Unnamed: 0,article,highlights,id,label
0,"LONDON, England (Reuters) -- Harry Potter star...",Harry Potter star Daniel Radcliffe gets £20M f...,42c027e4ff9730fbb3de84c1af0d2c506e41c3e4,0.0
1,Editor's note: In our Behind the Scenes series...,Mentally ill inmates in Miami are housed on th...,ee8871b15c50d0db17b0179a6d2beab35065f1e9,0.0
2,"MINNEAPOLIS, Minnesota (CNN) -- Drivers who we...","NEW: ""I thought I was going to die,"" driver sa...",06352019a19ae31e527f37f7571c6dd7f0c5da37,1.0
3,WASHINGTON (CNN) -- Doctors removed five small...,"Five small polyps found during procedure; ""non...",24521a2abb2e1f5e34e6824e0f9e56904a2b0e88,0.0
4,(CNN) -- The National Football League has ind...,"NEW: NFL chief, Atlanta Falcons owner critical...",7fe70cc8b12fab2d0a258fababf7d9c6b5e1262a,0.0


In [3]:
# Inspect some articles with label
check0 = df[['highlights', 'label']]
n = 3
check1 = check0.sample(n)
pd.options.display.max_colwidth = 300
print(check1.to_string(index=False, header=False))

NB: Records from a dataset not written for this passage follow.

Lemma pure_marginal1 X u w a : psd X -> trace X = 1 -> resolves_id u w ->
  braket u (ptr o1 X) u = 1 -> braket (vtens (delta a) w) X (vtens (delta a) w) = 0.
Proof.
move=> psdX trX uw marg; apply: ptr1_null => //.
have := braket_resolves_id (ptr o1 X) uw; rewrite trace_ptr trX marg.
by move=> h; apply: (addrI 1); rewrite addr0.
Qed.

(* The vectors [w (x) e_b], [e_a (x) w] and [e_0 (x) e_1] span [C^2 (x) C^2]. *)
Lemma psd_null_span_trace0 X (al be : C) : psd X -> al != 0 -> be != 0 ->
  let w := ket be (- al) in
  (forall b, braket (vtens w (delta b)) X (vtens w (delta b)) = 0) ->
  (forall a, braket (vtens (delta a) w) X (vtens (delta a) w) = 0) ->
  braket (vtens (delta o0) (delta o1)) X (vtens (delta o0) (delta o1)) = 0 ->
  trace X = 0.
Proof.
move=> psdX al0 be0 w null_wb null_aw null01.
have null00 : braket (vtens (delta o0) (delta o0)) X (vtens (delta o0) (delta o0)) = 0.
  apply: (psd_null_lincomb (a := be^-1) (b := al / be) psdX (null_aw o0) null01) => x.
  rewrite /vtens /delta /w /ket; case: (I2P (x o0)) => ->; case: (I2P (x o1)) => -> /=; by field.
have null1b b : braket (vtens (delta o1) (delta b)) X (vtens (delta o1) (delta b)) = 0.
  have null0b : braket (vtens (delta o0) (delta b)) X (vtens (delta o0) (delta b)) = 0.
    by case: (I2P b) => ->.
  apply: (psd_null_lincomb (a := be / al) (b := - al^-1) psdX null0b (null_wb b)) => x.
  rewrite /vtens /delta /w /ket; case: (I2P (x o0)) => ->; case: (I2P (x o1)) => -> /=; by field.
rewrite trace_qubits2 !sum_I2 null00 null01 !null1b; ring.
Qed.

Local Notation k0 := (@Ordinal 4 0 isT).
Local Notation k1 := (@Ordinal 4 1 isT).
Local Notation w1 := (ket (sqrtC (2 / 3)) (- (1 / sqrtC 3)) : 'I_2 -> C).
(* Let $\widehat D=(Q,\widehat\Sigma,q_0,\delta,F)$ be as in the context and let $\mathcal A=(Q,\Sigma,q_0,\delta_0,\delta_1,F)$ be defined as follows: for $q\in Q$, $\sigma\in\Sigma$, $c\in\{0,1\}$, if $\delta(q,\sigma^c)=q'$ is defined, then $\delta_c(q,\sigma)=(q',\mathit{act}|_\sigma)$, where $\mathit{act}\in\Sigma_{\mathsf{Act}}$ is any letter with $\mathit{act}[0]=c$, $\delta(q,\mathit{act})$ defined and $\mathit{act}|_\sigma\neq\bot$; otherwise $\delta_c(q,\sigma)$ is undefined. Then such an $\mathit{act}$ always exists, the value $\mathit{act}|_\sigma$ does not depend on the choice of $\mathit{act}$ (so $\delta_0,\delta_1$ are well defined, with $\delta_0$ using only counter updates in $\{0,+1\}$), and $\mathcal A$ is a (partial) deterministic real-time one-counter automaton consistent with the sample: for every $w\in\mathrm{pref}(\mathcal S)$ the run of $\mathcal A$ on $w$ exists and its counter-effect equals $\mathsf{ce}(w)$, every word of $\mathcal S^+$ is accepted by $\mathcal A$, and every word of $\mathcal S^-$ is rejected by $\mathcal A$.
   Context: Let $\Sigma=\{\sigma_1,\dots,\sigma_k\}$ be a finite alphabet. A sample set is a pair of finite sets of words $\mathcal S^+,\mathcal S^-\subseteq\Sigma^*$ with $\mathcal S^+\cap\mathcal S^-=\emptyset$; write $\mathcal S=\mathcal S^+\cup\mathcal S^-$ and $\mathrm{pref}(\mathcal S)$ for the set of all prefixes (including $\varepsilon$ and the words themselves) of words of $\mathcal S$. We are given $\mathsf{ce}:\mathrm{pref}(\mathcal S)\to\mathbb N$ with $\mathsf{ce}(\varepsilon)=0$ and $\mathsf{ce}(w\sigma)-\mathsf{ce}(w)\in\{-1,0,+1\}$ whenever $w\sigma\in\mathrm{pref}(\mathcal S)$, $\sigma\in\Sigma$. For $d\in\mathbb N$, $\mathrm{sgn}(d)=0$ if $d=0$ and $1$ otherwise. For $w\in\mathrm{pref}(\mathcal S)$ define $\mathsf{Act}(w)\in\{0,1\}\times\{0,+1,-1,\bot\}^k$ by $\mathsf{Act}(w)[0]=\mathrm{sgn}(\mathsf{ce}(w))$ and, for $i\in[1,k]$, $\mathsf{Act}(w)[i]=\mathsf{ce}(w\sigma_i)-\mathsf{ce}(w)$ if $w\sigma_i\in\mathrm{pref}(\mathcal S)$, and $\mathsf{Act}(w)[i]=\bot$ otherwise. For a tuple $\mathit{act}$ of this shape, $\mathit{act}|_{\sigma_i}$ denotes $\mathit{act}[i]$. Two such tuples $x,y$ are similar, $x\sim y$, if either $x[0]\neq y[0]$, or for all $i\in[1,k]$: $x[i]=\bot$ or $y[i]=\bot$ or $x[i]=y[i]$; otherwise $x\not\sim y$. Let $\widetilde\Sigma=\{\sigma^0,\sigma^1:\sigma\in\Sigma\}$ (fresh letters). For $w\in\mathrm{pref}(\mathcal S)$, $\mathsf{Enc}(\varepsilon)=\varepsilon$ and $\mathsf{Enc}(w)$ is the word over $\widetilde\Sigma$ of the same length with $\mathsf{Enc}(w)[0]=w[0]^0$ and $\mathsf{Enc}(w)[i]=w[i]^{\mathrm{sgn}(\mathsf{ce}(w[0\cdots i-1]))}$ for $i>0$ (positions indexed from $0$). Let $\Sigma_{\mathsf{Act}}=\{\mathsf{Act}(w):w\in\mathrm{pref}(\mathcal S)\}$, viewed as a set of fresh letters, and $\widehat\Sigma=\widetilde\Sigma\cup\Sigma_{\mathsf{Act}}$. The enriched sample over $\widehat\Sigma$ is: $\widehat{\mathcal S}^+=\{\mathsf{Enc}(w):w\in\mathcal S^+\}\cup\{\mathsf{Enc}(w)\cdot\mathsf{Act}(w):w\in\mathrm{pref}(\mathcal S)\}$ and $\widehat{\mathcal S}^-=\{\mathsf{Enc}(w):w\in\mathcal S^-\}\cup\{\mathsf{Enc}(w)\cdot\mathit{op}:w\in\mathrm{pref}(\mathcal S),\ \mathit{op}\in\Sigma_{\mathsf{Act}},\ \mathit{op}\not\sim\mathsf{Act}(w)\}$. $\widehat D=(Q,\widehat\Sigma,q_0,\delta,F)$ is a deterministic finite automaton with possibly partial transition function $\delta$ (a word is accepted iff its run exists and ends in $F$) such that: (i) $\widehat D$ accepts every word of $\widehat{\mathcal S}^+$ and rejects every word of $\widehat{\mathcal S}^-$; (ii) every transition comes from a prefix of a positive sample: whenever $\delta(q,x)=q'$ with $x\in\widehat\Sigma$, there is a word $u$ with $ux\in\mathrm{pref}(\widehat{\mathcal S}^+)$ and $\delta(q_0,u)=q$. (These properties hold e.g. for the output of the RPNI algorithm.) A deterministic real-time one-counter automaton (DROCA) is $\mathcal A=(Q,\Sigma,q_0,\delta_0,\delta_1,F)$ with (here possibly partial) maps $\delta_0:Q\times\Sigma\to Q\times\{0,+1\}$ and $\delta_1:Q\times\Sigma\to Q\times\{0,+1,-1\}$. Configurations are pairs $(p,n)\in Q\times\mathbb N$; there is a step $(p,n)\xrightarrow{a}(q,n+e)$ iff $\delta_{\mathrm{sgn}(n)}(p,a)=(q,e)$. The run on $w$ starts at $(q_0,0)$; if it exists and ends in $(q,m)$, then $m$ is the counter-effect $\mathsf{ce}_{\mathcal A}(w)$ and $w$ is accepted iff $q\in F$; otherwise $w$ is rejected. *)

From HB Require Import structures.
From mathcomp Require Import all_boot all_order all_algebra.
Set Implicit Arguments. Unset Strict Implicit. Unset Printing Implicit Defensive.
Import GRing.Theory Num.Theory.
Lemma is_linear_comp (f : U -> V) (g : V -> W) :
  is_linear f -> is_linear g -> is_linear (g \o f).
Proof. by move=> lf lg a x y /=; rewrite lf lg. Qed.

Lemma is_linear_can (f : U -> V) g :
  is_linear f -> cancel f g -> cancel g f -> is_linear g.
Proof. by move=> lf fK gK a x y; rewrite -{1}(gK x) -{1}(gK y) -lf fK. Qed.

End Linear.

Section OrderIso.
Variables (R : realType) (p q r : nat).
Variables (K1 : set 'rV[R]_p) (K2 : set 'rV[R]_q) (K3 : set 'rV[R]_r).

Lemma order_iso_id : order_iso K1 K1 id.
Proof. by split=> //; exists id. Qed.

Lemma order_iso_comp f g :
  order_iso K1 K2 f -> order_iso K2 K3 g -> order_iso K1 K3 (g \o f).
Proof.
move=> [lf bf Kf] [lg bg Kg]; split; [exact: is_linear_comp | exact: bij_comp |].
by move=> x; rewrite /= Kg Kf.
Qed.

Lemma order_iso_can f g :
  order_iso K1 K2 f -> cancel f g -> cancel g f -> order_iso K2 K1 g.
Proof.
move=> [lf _ Kf] fK gK; split; [exact: is_linear_can fK gK | by exists f |].
by move=> y; rewrite -Kf gK.
Qed.

Lemma order_iso_scale (c : R) : (forall t x, 0 <= t -> K1 x -> K1 (t *: x)) ->
  0 < c -> order_iso K1 K1 ( *:%R c).
Proof.
move=> KZ c0; have cK (x : 'rV[R]_p) : c^-1 *: (c *: x) = x.
  by rewrite scalerA mulVf ?gt_eqF ?scale1r.
split; first by move=> a x y; rewrite scalerDr !scalerA mulrC.
  by exists ( *:%R c^-1) => // x; rewrite /= scalerA mulfV ?gt_eqF ?scale1r.
move=> x; split=> [|/(KZ _ _ (ltW c0)) //].
by rewrite -{2}(cK x); apply: KZ; rewrite invr_ge0 ltW.
Qed.

End OrderIso.

Section Adjoint.
Variable R : realType.

Definition adjoint p q (f : 'rV[R]_p -> 'rV[R]_q) (y : 'rV[R]_q) : 'rV[R]_p :=
  \row_i pair y (f (delta_mx ord0 i)).

Lemma adjointE p q (f : 'rV[R]_p -> 'rV[R]_q) y :
  adjoint f y = \sum_i pair y (f (delta_mx ord0 i)) *: delta_mx ord0 i.
Proof. by rewrite [LHS]row_sum_delta; apply: eq_bigr => i _; rewrite mxE. Qed.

# It seems label 0 is working


                                                                                              Retired Adm. Dennis Blair confirmed by unanimous consent .\nConfirmation comes after previous director Michael McConnell resigned .\nEarlier this month, President Obama nominated Blair as chief of intelligence . 0.0
                     FBI looking for financial impropriety after man's clients talked about money loss .\nPolice say William Parente killed wife, two daughters in hotel room .\nFamily ID'd as William and Betty Parente, Stephanie, 19, Catherine, 11 .\nPolice say Parente, an attorney, fatally cut himself . 0.0
8-year-old girl sexually assaulted by fellow Liberia natives, police say .\nDuring Liberia's civil war, rape was used as a weapon by soldiers .\nU.N. report: 60 to 70 percent of Liberian women were assault victims .\nJohnson-Sirleaf, first elected female leader in Africa, makes stopping rape a priority . 0.0


# Data preparation

In [4]:
# define dataset
# We only use highlights in this notebook since it gives enough information on articles
df1 = check0
print(df1.shape)
print(df1.columns)

(10000, 2)
Index(['highlights', 'label'], dtype='object')


In [5]:
# merge with 10000 unlabeled data
# load that data
df2 = pd.read_csv('277113-287113-unlabeled.csv')
df2 = df2[['highlights', 'label']]
df2[:2]

Unnamed: 0,highlights,label
0,"Skier Raphael Beghi captured fall via a helmet-mounted camera .\nAs he sped down the hill, he lost control of his skis and they flew off .\nHe quickly crashed to the ground and skidded to a stop in Serre Chevalier .",
1,Two women were arrested for 'intruding' during the Australian Open Final .\nThey ran onto the court to protest the poor living conditions and treatment of refugees detained on Manus Island immigration detention facility .\nNovak Djokovic went on to triumph over Andy Murray in the Men's Final .\n...,


In [6]:
# merge them together
frames = [df1, df2]
data = pd.concat(frames, ignore_index=True)
# The result should have ['highlights','label'] and has 20k records
print(data.shape)
print(data.columns)

(20000, 2)
Index(['highlights', 'label'], dtype='object')


In [7]:
%%time
# We need to have a vector representation of highlights
# In this project we only look at words and not grammar
# So using other text representation might improve the performance

###########################################################################

# We will only look at nouns since those words give semantics
# function to test if something is a noun
is_noun = lambda pos: pos[:2] == 'NN'
# lemmatizer for later
Lem = WordNetLemmatizer()
for i in range(len(data)):
    # extract only nouns from highlights
    lines = data['highlights'][i]
    # tokenize highlights
    tokenized = nltk.word_tokenize(lines)
    nouns = [word for (word, pos) in nltk.pos_tag(tokenized) if is_noun(pos)] 
    # make them lowercase
    nouns = [noun.lower() for noun in nouns]
    # lemmatization to erase prural etc
    nouns = [Lem.lemmatize(noun) for noun in nouns]
    # update 
    data.at[i,'highlights']= nouns

CPU times: user 1min 18s, sys: 1.45 s, total: 1min 19s
Wall time: 1min 20s


In [8]:
# check how many unique words we have
words = list(itertools.chain(data['highlights']))
merged = list(itertools.chain(*words))
# remove all duplicates now we defined vocabulary (noun only) of our data
vocab = set(merged)
print("This dataset contains ", len(vocab), "nouns.")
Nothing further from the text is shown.